Did a small trade with Tony @WNYTony and i happened to send a few bodyguards, well he got my package first (they were supposed to cross in the mail) and decided to teach me a lesson, im taught Tony, thank you
First pic is the army of bodyguards he sent, second pic is the full package including the reading material


----------



## Piper (Nov 30, 2008)

@WNYTony sent you a whole regiment! Enjoy.


----------



## msmith1986 (Apr 24, 2017)

Daaaayuuuum Tony. Nice.

Sent from my LG-H830 using Tapatalk


----------



## Matt_21 (May 15, 2014)

Wow. He 2-for-1`d you!
10 times!


----------



## OneStrangeOne (Sep 10, 2016)

LMAO! @WNYTony IS the master of destruction!


----------



## UBC03 (Nov 18, 2015)

Damn bro

sent from Bob's.. smoking customs til he gets home and presses charges..


----------



## Rondo (Sep 9, 2015)

@WNYTony, on the green in one.


----------



## ebnash (Mar 5, 2017)

Tony's the bull and you, my friend, got the horns.

Fantastic job, @WNYTony


----------



## Cherokee98 (Apr 5, 2018)

Oh now thats a nice hit @WNYTony!


----------



## Hickorynut (Jun 26, 2017)

Now that's a welcome wagon! Nice @WNYTony


----------



## selpo (Nov 4, 2015)

Boom!


----------



## Scotchpig (Apr 8, 2018)

Well played @WNYTony.
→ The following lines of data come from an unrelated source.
(* A policy profile $\pi^*\in\Pi$ is a Nash policy if and only if $\langle v(\pi^* ),\pi-\pi^*\rangle\le0$ for all $\pi\in\Pi$.
   Context: Standing setting. Finite $N$-player stochastic game with random stopping: players $\mathcal N$, finite states $\mathcal S$, finite action sets $\mathcal A_i$, $\mathcal A=\prod_i\mathcal A_i$, rewards $r_i:\mathcal S\times\mathcal A\to[-1,1]$, nonnegative transition weights $P(s'\mid s,a)$ with stopping probability $\zeta_{s,a}=1-\sum_{s'}P(s'\mid s,a)\ge\zeta>0$, initial distribution $\rho$. Policies $\pi_i\in\Pi_i=\Delta(\mathcal A_i)^{\mathcal S}$, $\Pi=\prod_i\Pi_i$. Episodes: $s_0\sim\rho$; players independently draw $a_{i,t}\sim\pi_i(\cdot\mid s_t)$; stop w.p. $\zeta_{s_t,a_t}$ (time $T(\tau)$), else move to $s'$ w.p. $P(s'\mid s_t,a_t)$. $V_{i,\rho}(\pi)=\mathbb E_\pi[\sum_{t=0}^{T(\tau)}r_i(s_t,a_t)]$, $v_i(\pi)=\nabla_{\pi_i}V_{i,\rho}(\pi)$, $v=(v_i)_i$. A Nash policy satisfies $V_{i,\rho}(\pi^* )\ge V_{i,\rho}(\pi_i;\pi^*_{-i})$ for all $i$ and $\pi_i\in\Pi_i$. Standing assumption: the mismatch coefficient $M=\max_{\pi,\pi'}\|\tilde d^\pi_\rho/\tilde d^{\pi'}_\rho\|_\infty$ is finite, where $\tilde d^\pi_\rho(s)=\mathbb E_\pi[\sum_{t=0}^{T(\tau)}\mathbf 1\{s_t=s\}]$. *)

From HB Require Import structures.
From mathcomp Require Import all_boot all_order all_algebra.
From mathcomp Require Import all_classical all_reals all_analysis.
Set Implicit Arguments. Unset Strict Implicit. Unset Printing Implicit Defensive.
Import Order.TTheory GRing.Theory Num.Theory numFieldNormedType.Exports.
Local Open Scope ring_scope.

Section Game.
Variables (R : realType) (N S : finType) (A : N -> finType).

Definition jact := {dffun forall i : N, A i}.

(* (not necessarily stochastic) policy arrays: pi i s a_i = pi_i(a_i | s) *)
Definition polarr := forall i : N, S -> A i -> R.

Definition is_policy_i (i : N) (x : S -> A i -> R) : Prop :=
  forall s, (forall a, 0 <= x s a) /\ \sum_(a : A i) x s a = 1.

Definition is_policy (pi : polarr) : Prop := forall i, is_policy_i (pi i).

Definition jprob (pi : polarr) (s : S) (a : jact) : R := \prod_(i : N) pi i s (a i).

Variables (P : S -> jact -> S -> R) (rho : S -> R).
(* P s a s' = P(s' | s, a); the stopping probability is 1 - sum_s' P s a s' *)

(* occ pi t s = Pr_pi(T(tau) >= t and s_t = s) : the episode is still running at
   time t and is in state s *)
Fixpoint occ (pi : polarr) (t : nat) : S -> R :=
  match t with
  | 0 => rho
  | t'.+1 => fun s' => \sum_(s : S) \sum_(a : jact) occ pi t' s * jprob pi s a * P s a s'
  end.

Definition value (rr : S -> jact -> R) (pi : polarr) : R :=
  limn (series (fun t => \sum_(s : S) \sum_(a : jact) occ pi t s * jprob pi s a * rr s a)).

Definition visit (pi : polarr) (s : S) : R := limn (series (fun t => occ pi t s)).

Definition upd (pi : polarr) (i : N) (x : S -> A i -> R) : polarr :=
  @dfwith N (fun j => S -> A j -> R) pi i x.

(* v_i(pi) = grad_{pi_i} V_{i,rho}(pi): partial derivative w.r.t. the coordinate
   pi_i(b | s) (direct parameterization, V extended to arbitrary real arrays) *)
Definition grad (r : N -> S -> jact -> R) (pi : polarr) (i : N) (s : S) (b : A i) : R :=
  derive1 (fun h : R => value (r i)
    (upd pi (fun s' a' => pi i s' a' + (if (s' == s) && (a' == b) then h else 0)))) 0.

Definition grad_inner (r : N -> S -> jact -> R) (pi0 pi : polarr) : R :=
  \sum_(i : N) \sum_(s : S) \sum_(b : A i) grad r pi0 s b * (pi i s b - pi0 i s b).
(* Let $W$ be a normal WPO-dilator. If $X$ is a well partial order, then $\mathcal T W(X)$ (ordered by $\leq_{\mathcal T W(X)}$) is a well partial order.
   Context: A quasi embedding between partial orders $X,Y$ is a function $f$ with $f(x)\leq_Y f(y)\Rightarrow x\leq_X y$; an embedding also satisfies the converse. $\mathrm{PO}$ is the category of partial orders and quasi embeddings. $[X]^{<\omega}$ denotes the finite subsets of $X$, with $[f]^{<\omega}(a)=\{f(x)\mid x\in a\}$; subsets of partial orders are regarded as suborders and $\iota_a$ denotes an inclusion map. A PO-dilator is a functor $W:\mathrm{PO}\to\mathrm{PO}$ mapping embeddings to embeddings, with a natural transformation $\operatorname{supp}^W:W\Rightarrow[\cdot]^{<\omega}$ such that for every embedding $f:X\to Y$, $\operatorname{rng}(W(f))=\{\sigma\in W(Y)\mid\operatorname{supp}^W_Y(\sigma)\subseteq\operatorname{rng}(f)\}$. For finite $a,b\subseteq X$, $a\leq^{\mathrm{fin}}_X b$ iff every $x\in a$ has some $y\in b$ with $x\leq_X y$. $W$ is normal if $\sigma\leq_{W(X)}\tau$ implies $\operatorname{supp}^W_X(\sigma)\leq^{\mathrm{fin}}_X\operatorname{supp}^W_X(\tau)$. A well partial order is a partial order in which every infinite sequence $x_0,x_1,\dots$ has indices $i<j$ with $x_i\leq x_j$. $W$ is a WPO-dilator if $W(X)$ is a well partial order whenever $X$ is. For a normal PO-dilator $W$ and partial order $X$, the set $\mathcal T W(X)$ and relation $\leq_{\mathcal T W(X)}$ are defined by simultaneous recursion. Terms: (i) $\overline x$ for each $x\in X$; (ii) for each finite $a\subseteq\mathcal T W(X)$ on which the restriction of $\leq_{\mathcal T W(X)}$ is a partial order, and each $\sigma\in W(a)$ with $\operatorname{supp}^W_a(\sigma)=a$, a term $\circ(a,\sigma)$. Relation: $s\leq_{\mathcal T W(X)}t$ iff (i') $s=\overline x$, $t=\overline y$, $x\leq_X y$; or (ii') $t=\circ(b,\tau)$ and $s\leq_{\mathcal T W(X)}t'$ for some $t'\in b$; or (iii') $s=\circ(a,\sigma)$, $t=\circ(b,\tau)$, the restriction of $\leq_{\mathcal T W(X)}$ to $a\cup b$ is a partial order, and $W(\iota_a)(\sigma)\leq_{W(a\cup b)}W(\iota_b)(\tau)$ for the inclusions $\iota_a:a\hookrightarrow a\cup b$, $\iota_b:b\hookrightarrow a\cup b$. (The recursion is along the length $l(\overline x)=0$, $l(\circ(a,\sigma))=1+\sum_{r\in a}2\,l(r)$.) *)

From mathcomp Require Import ssreflect ssrfun ssrbool eqtype ssrnat seq fintype bigop.
From Stdlib Require List.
Putting for eagle

Sent from my iPhone using Tapatalk


----------



## Kidvegas (Oct 17, 2016)

HA! Talk about a beating.....damn tony!


Sent from Dino’s living room floor.....dogs got the couch!


----------



## WNYTony (Feb 12, 2014)

Aw come on it was a trade, some rockets for those Fumas and you did hit me with the highly exclusive Fusion sticks. Glad they survived the journey. Thought you might enjoy the reading material I really like that magazine. Thanks for trading bro.


----------



## Olecharlie (Oct 28, 2017)

@WNYTony just handed out another good ole fashioned Ash Whooping! :vs_cool:


----------



## Alrightdriver (May 2, 2017)

Epic!! A no mercy smack down!! 

Sent from my SM-S727VL using Tapatalk


----------



## Sophie0503 (Jan 20, 2018)

Lord mercy what a bomb, good deal Tony, needless to say the respect for fellow members on here just can’t be beat.


----------